Only when dawn lights on her father’s very last day can Rana force herself to act. If she has to marry to stay in Jerusalem, she decides she will marry her lover, Khalil. The only problems she faces are finding Khalil, who isn’t answering his cell phone, tracking down a registrar who will marry them in spite of her father’s prohibition, negotiating the everyday hazards of life on the West Bank, and gathering al the key players in one place for the wedding.
Yet where independence is not an option, even the thought of marriage to someone one loves is a compromise. Palestinian novelist and documentary filmmaker Liana Badr and her collaborator, Ihab Lamey, thread this notion subtly throughout their script. As Rana attempts to marry Khalil in the 11 hours before her father’s 4pm departure, director Hany Abu-Assad follows her not only through the spirit-sapping tribulations of daily life under post-1967 Israeli rule, but also through the limited options open to young women, however adventurous, in Palestinian society. Caught between foreign occupation and her own culture, Rana literally has nowhere to run.
That does not, however, stop her from trying. As Rana strikes out for Ramallah to find Khalil (a distance of barely 10 miles that can easily consume two hours and carries the risk of temporary detention and confiscation of papers), her journey quickly becomes a fable of human resistance to the status quo. Rana’s Wedding welds love and the politics of occupation into a potent work of art, brought to life via the intimate, naturalistic acting of the three principals, Khoury, Natour, and Ismael Dabbag (who plays Khalil’s charming best friend, Ramzy).

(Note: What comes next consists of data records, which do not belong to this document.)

(* Consider Setting B with the regular nodes running Algorithm 2 (any graph sequence, any adversarial behavior). Let $i\in(\mathcal V\setminus\mathcal S)\cap\mathcal R$ and $k\in\mathbb N_+$ with $\tau_i[k]\neq\omega$. Then, componentwise (slot by slot), $$\mathbf d_i[k+1]\le \mathbf d_i[k]+\mathbf 1_{2f+1},\qquad\text{and}\qquad \tau_i[k+1]\le\tau_i[k]+1,$$ where $\mathbf d_i[k]\in\mathbb N^{2f+1}$ is the vector of stored indices $d_{i,l}$, $l\in\mathcal M_i$, arranged by storage slot, at time $k$ after the append operations of step $k$ and before the increment at the end of step $k$ (so that (F) sets $\tau_i[k+1]=\max_p(\mathbf d_i[k])_p+1$).
   Context: Setting B. Scalar system $x[k+1]=ax[k]$, $a\in\mathbb R$, monitored by nodes $\mathcal V=\{1,\dots,N\}$ with measurements $y_i[k]=c_ix[k]$, $c_i\in\mathbb R$. Source set $\mathcal S=\{i\in\mathcal V:c_i\neq0\}$. Time-varying directed graphs $\mathcal G[k]=(\mathcal V,\mathcal E[k])$, $\mathcal N_i[k]=\{l\ne i:(l,i)\in\mathcal E[k]\}$; the union graph over an interval has the union of the edge sets. An unknown set $\mathcal A\subseteq\mathcal V$ of adversarial nodes with $|\mathcal A|\le f$ ($f$-total model; $\mathcal A$ may intersect $\mathcal S$); $\mathcal R=\mathcal V\setminus\mathcal A$ are regular. Adversaries are Byzantine: at each time they may send arbitrary, possibly different values (of both estimate and freshness index) to different out-neighbors, or send nothing, and may collude. At each time $k$, each node $l$ sends to its out-neighbors a pair (estimate, freshness index); regular $l$ sends its true $(\hat x_l[k],\tau_l[k])$. Algorithm 2 (executed by regular nodes). Regular source $i\in\mathcal S$: $\tau_i[k]=0$ for all $k$ and $\hat x_i[k+1]=a\hat x_i[k]+l_i(y_i[k]-c_i\hat x_i[k])$ with observer gain $l_i$. Regular non-source $i$: keeps $\hat x_i[k]$ (arbitrary initial), $\tau_i[k]\in\mathbb N\cup\{\omega\}$ with $\tau_i[0]=\omega$, and a list $\mathcal M_i$ of distinct node labels (initially empty, at most $2f+1$ entries, stored in $2f+1$ slots) with, for each $l\in\mathcal M_i$, a stored estimate $v_{i,l}$, stored index $d_{i,l}\in\mathbb N$ and time stamp $\phi_{i,l}$. At time $k$ let $\mathcal J_i[k]$ be the set of $l\in\mathcal N_i[k]$ whose reported index $\tau_l[k]$ lies in $\mathbb N$ and satisfies $\tau_l[k]\le k$. ''Appending $l$ at time $k$'' means: put $l$ in $\mathcal M_i$ (if absent), set $v_{i,l}=\hat x_l[k]$, $d_{i,l}=\tau_l[k]$ (reported values), $\phi_{i,l}=k$. Filtering update (F) at time $k$ (requires $|\mathcal M_i|=2f+1$): set $\tau_i[k+1]=\max_{l\in\mathcal M_i}d_{i,l}+1$; form $\bar x_{i,l}[k]=a^{k-\phi_{i,l}}v_{i,l}$ for $l\in\mathcal M_i$; discard the $f$ largest and $f$ smallest of these $2f+1$ values, call the remaining one $\bar x_i[k]$, and set $\hat x_i[k+1]=a\bar x_i[k]$. Case $\tau_i[k]=\omega$: let $\mathcal J'=\mathcal J_i[k]\setminus\mathcal M_i$. If $|\mathcal M_i|+|\mathcal J'|<2f+1$, append every $l\in\mathcal J'$, set $\tau_i[k+1]=\omega$ and $\hat x_i[k+1]=a\hat x_i[k]$. Otherwise append the $2f+1-|\mathcal M_i|$ nodes of $\mathcal J'$ with smallest reported indices (ties broken arbitrarily) and perform (F). Case $\tau_i[k]\ne\omega$: for each $l\in\mathcal J_i[k]\cap\mathcal M_i$ with reported $\tau_l[k]<d_{i,l}$, append $l$ (refreshing its entries); then rank the nodes of $\mathcal M_i\cup(\mathcal J_i[k]\setminus\mathcal M_i)$ by index ($d_{i,l}$ for $l\in\mathcal M_i$, reported $\tau_l[k]$ otherwise), keep the $2f+1$ with smallest index (ties arbitrary), appending newcomers and deleting dropped nodes (a retained node keeps its storage slot; a newcomer occupies the slot of a dropped node), and perform (F). In all cases, after the step every stored $d_{i,l}$ is incremented by $1$, and $\mathcal M_i$, $v$, $\phi$ carry over to time $k+1$. *)

From HB Require Import structures.
From mathcomp Require Import all_boot all_order all_algebra.
Set Implicit Arguments. Unset Strict Implicit. Unset Printing Implicit Defensive.
Import Order.TTheory GRing.Theory Num.Theory.
Local Open Scope ring_scope.

(* A stored record in a storage slot: label l, estimate v_{i,l},
   index d_{i,l}, time stamp phi_{i,l}. *)
Record entry (N : nat) (R : Type) := Entry {
  lab : 'I_N; val : R; idx : nat; stamp : nat }.

(* The 2f+1 storage slots of a non-source node; None = empty slot. *)
Definition slots (N m : nat) (R : Type) := 'I_m -> option (entry N R).

Section Alg.
Variables (R : realFieldType) (N f : nat).
Local Notation m := (2 * f).+1.
Local Notation slotsT := (slots N m R).

Definition slot_has (s : slotsT) (p : 'I_m) (l : 'I_N) : bool :=
  if s p is Some e then lab e == l else false.

Definition Mset (s : slotsT) : {set 'I_N} := [set l | [exists p, slot_has s p l]].

Definition distinct_labels (s : slotsT) : Prop :=
  forall p q e e', s p = Some e -> s q = Some e' -> lab e = lab e' -> p = q.

Definition full (s : slotsT) : Prop := forall p, s p <> None.

Definition slot_idx (s : slotsT) (p : 'I_m) : nat :=
  if s p is Some e then idx e else 0%N.

Definition incr (s : slotsT) : slotsT :=
  fun p => if s p is Some e then Some (Entry (lab e) (val e) (idx e).+1 (stamp e))
           else None.

Definition filter_update (a : R) (k : nat) (s : slotsT)
    (tau' : option nat) (xh' : R) : Prop :=
  full s /\
  tau' = Some ((\max_(p < m) slot_idx s p) + 1)%N /\
  let vals := [seq (if s p is Some e then a ^+ (k - stamp e) * val e else 0)
              | p <- enum 'I_m] in
  xh' = a * nth 0 (sort <=%R vals) f.

(* Appending the nodes of [S] (none of which is in M_i) into empty slots,
   all other slots unchanged.  [fresh l] is the entry built from reported values. *)
Definition append_into_empty (fresh : 'I_N -> entry N R) (S : {set 'I_N})
    (s mid : slotsT) : Prop :=
  (forall p e, s p = Some e -> mid p = Some e) /\
  (forall p e, mid p = Some e ->
      s p = Some e \/ (s p = None /\ lab e \in S /\ e = fresh (lab e))) /\
  (forall l, l \in S -> exists p, mid p = Some (fresh l)) /\
  distinct_labels mid.

Definition refresh (Jset : {set 'I_N}) (rt : 'I_N -> nat)
    (fresh : 'I_N -> entry N R) (s : slotsT) : slotsT :=
  fun p => if s p is Some e then
             if (lab e \in Jset) && (rt (lab e) < idx e)%N then Some (fresh (lab e))
             else Some e
           else None.

Definition rank_idx (s : slotsT) (rt : 'I_N -> nat) (l : 'I_N) : nat :=
  if [pick p | slot_has s p l] is Some p then slot_idx s p else rt l.

(* Outputs: [mid] = slots after the
   append/delete operations of step k (before the increment), and the
   next tau, xhat. *)
Definition nonsource_step (a : R) (k : nat) (Jset : {set 'I_N})
    (rv : 'I_N -> R) (rt : 'I_N -> nat)
    (tau : option nat) (xh : R) (s : slotsT)
    (mid : slotsT) (tau' : option nat) (xh' : R) : Prop :=
  let fresh l := Entry l (rv l) (rt l) k in
  let J' := Jset :\: Mset s in
  match tau with
  | None =>
    if (#|Mset s| + #|J'| < m)%N then
      append_into_empty fresh J' s mid /\ tau' = None /\ xh' = a * xh
    else
      exists S : {set 'I_N},
        [/\ S \subset J', #|S| = (m - #|Mset s|)%N,
            (forall l l', l \in S -> l' \in J' :\: S -> (rt l <= rt l')%N),
            append_into_empty fresh S s mid &
            filter_update a k mid tau' xh']
  | Some _ =>
    let s' := refresh Jset rt fresh s in
    let Cand := Mset s :|: J' in
    exists K : {set 'I_N},
      K \subset Cand /\ #|K| = m /\
      (forall l l', l \in K -> l' \in Cand :\: K ->
          (rank_idx s' rt l <= rank_idx s' rt l')%N) /\
      (forall p e, s' p = Some e -> lab e \in K -> mid p = Some e) /\
      (forall p e, mid p = Some e ->
          (s' p = Some e /\ lab e \in K) \/
          (lab e \in K :\: Mset s /\ e = fresh (lab e))) /\
      (forall l, l \in K :\: Mset s -> exists p, mid p = Some (fresh l)) /\
      distinct_labels mid /\
      filter_update a k mid tau' xh'
  end.

End Alg.

(* Messages: what node l sends to node i at time k:
   None = nothing sent; Some (estimate, index) with index None = omega. *)
Definition msg_t (R : Type) := option (R * option nat)%type.

Definition reported_idx (R : Type) (ms : msg_t R) : nat :=
  if ms is Some (_, Some t) then t else 0%N.
Definition reported_est (R : ringType) (ms : msg_t R) : R :=
  if ms is Some (v, _) then v else 0.

Definition Jset (R : Type) (N : nat) (E : nat -> rel 'I_N)
    (msg : nat -> 'I_N -> 'I_N -> msg_t R) (k : nat) (i : 'I_N) : {set 'I_N} :=
  [set l | [&& l != i, E k l i &
             (if msg k l i is Some (_, Some t) then (t <= k)%N else false)]].

(* An execution of Setting B with the regular nodes running Algorithm 2.
   x: true state; msg: messages; tau, xh: freshness indices and estimates
   of the nodes; sl k i: slots of node i at (the start of) time k;
   mid k i: slots of node i at time k after the append operations of step k
   and before the increment. Adversarial nodes (in A) are unconstrained. *)
Definition execution (R : realFieldType) (N f : nat) (A : {set 'I_N})
    (a : R) (c gain : 'I_N -> R) (E : nat -> rel 'I_N)
    (x : nat -> R) (msg : nat -> 'I_N -> 'I_N -> msg_t R)
    (tau : nat -> 'I_N -> option nat) (xh : nat -> 'I_N -> R)
    (sl mid : nat -> 'I_N -> slots N (2 * f).+1 R) : Prop :=
  [/\ (#|A| <= f)%N,
      (forall k, x k.+1 = a * x k),
      (forall k l i, l \notin A -> msg k l i = Some (xh k l, tau k l)),
      (forall i, i \notin A -> c i != 0 ->
         forall k, tau k i = Some 0%N /\
                   xh k.+1 i = a * xh k i + gain i * (c i * x k - c i * xh k i)) &
      (forall i, i \notin A -> c i = 0 ->
         [/\ tau 0%N i = None, (forall p, sl 0%N i p = None) &
             forall k,
               nonsource_step a k (Jset E msg k i)
                 (fun l => reported_est (msg k l i)) (fun l => reported_idx (msg k l i))
                 (tau k i) (xh k i) (sl k i) (mid k i) (tau k.+1 i) (xh k.+1 i) /\
               sl k.+1 i = incr (mid k i)])].

From HB Require Import structures.
From mathcomp Require Import all_boot all_order all_algebra.
Set Implicit Arguments. Unset Strict Implicit. Unset Printing Implicit Defensive.

(* If tau_i[k] <> omega then step k-1 ran the filtering update, so at step k
   the 2f+1 slots are full and carry distinct labels.  During step k a slot
   either keeps its (possibly refreshed) entry, whose index is at most the
   previous one plus 1, or receives a newcomer; the latter only happens when
   the old occupant was dropped from the 2f+1 smallest indices, so the
   newcomer's reported index is at most the dropped one, which is again at
   most the previous one plus 1.  The bound on tau follows by taking maxima,
   since (F) sets tau to the largest stored index plus 1. *)

Section Slots.
Variables (R : realFieldType) (N f : nat).
Local Notation m := (2 * f).+1.
Local Notation slotsT := (slots N m R).

Definition same_labels (s s' : slotsT) : Prop :=
  forall p, omap (@lab N R) (s p) = omap (@lab N R) (s' p).

Definition slots_idx_le_succ (s s' : slotsT) : Prop :=
  forall p, exists e e' : entry N R,
    [/\ s p = Some e, s' p = Some e' & (idx e' <= idx e + 1)%N].

Lemma slot_hasE (s : slotsT) p l : slot_has s p l = (omap (@lab N R) (s p) == Some l).
Proof. by rewrite /slot_has; case: (s p). Qed.

Lemma Mset_same_labels (s s' : slotsT) : same_labels s s' -> Mset s = Mset s'.
Proof.
by move=> eqs; apply/setP => l; rewrite !inE; apply: eq_existsb => p; rewrite !slot_hasE eqs.
Qed.

Lemma distinct_labels_same (s s' : slotsT) :
  same_labels s s' -> distinct_labels s -> distinct_labels s'.
Proof.
move=> eqs ds p q e e' s'p s'q le; move: (eqs p) (eqs q); rewrite s'p s'q.
case sp: (s p) => [ep|] //; case sq: (s q) => [eq|] //= [lp] [lq].
by apply: ds sp sq _; rewrite lp lq.
Qed.

Lemma same_labels_incr (s : slotsT) : same_labels (incr s) s.
Proof. by move=> p; rewrite /incr; case: (s p). Qed.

Much of the movie’s power lies in its portrayal of the relentless ingenuity by which the inhabitants of the West Bank subvert the political “realities” of Israeli military government. When the minibus on which Rana is traveling to Ramallah grinds to a halt before a major checkpoint, the riders climb down and start tramping to the other side of the barrier. So inured are they to the inconvenience caused by exchanges between troops and protestors that they simply wait for a lull before sprinting across the line of fire. Even the tangential images here are compelling: a delivery man, balancing a loaded pallet of patisserie on his head, zig-zags balletically but purposefully, determined to get his load to Jerusalem.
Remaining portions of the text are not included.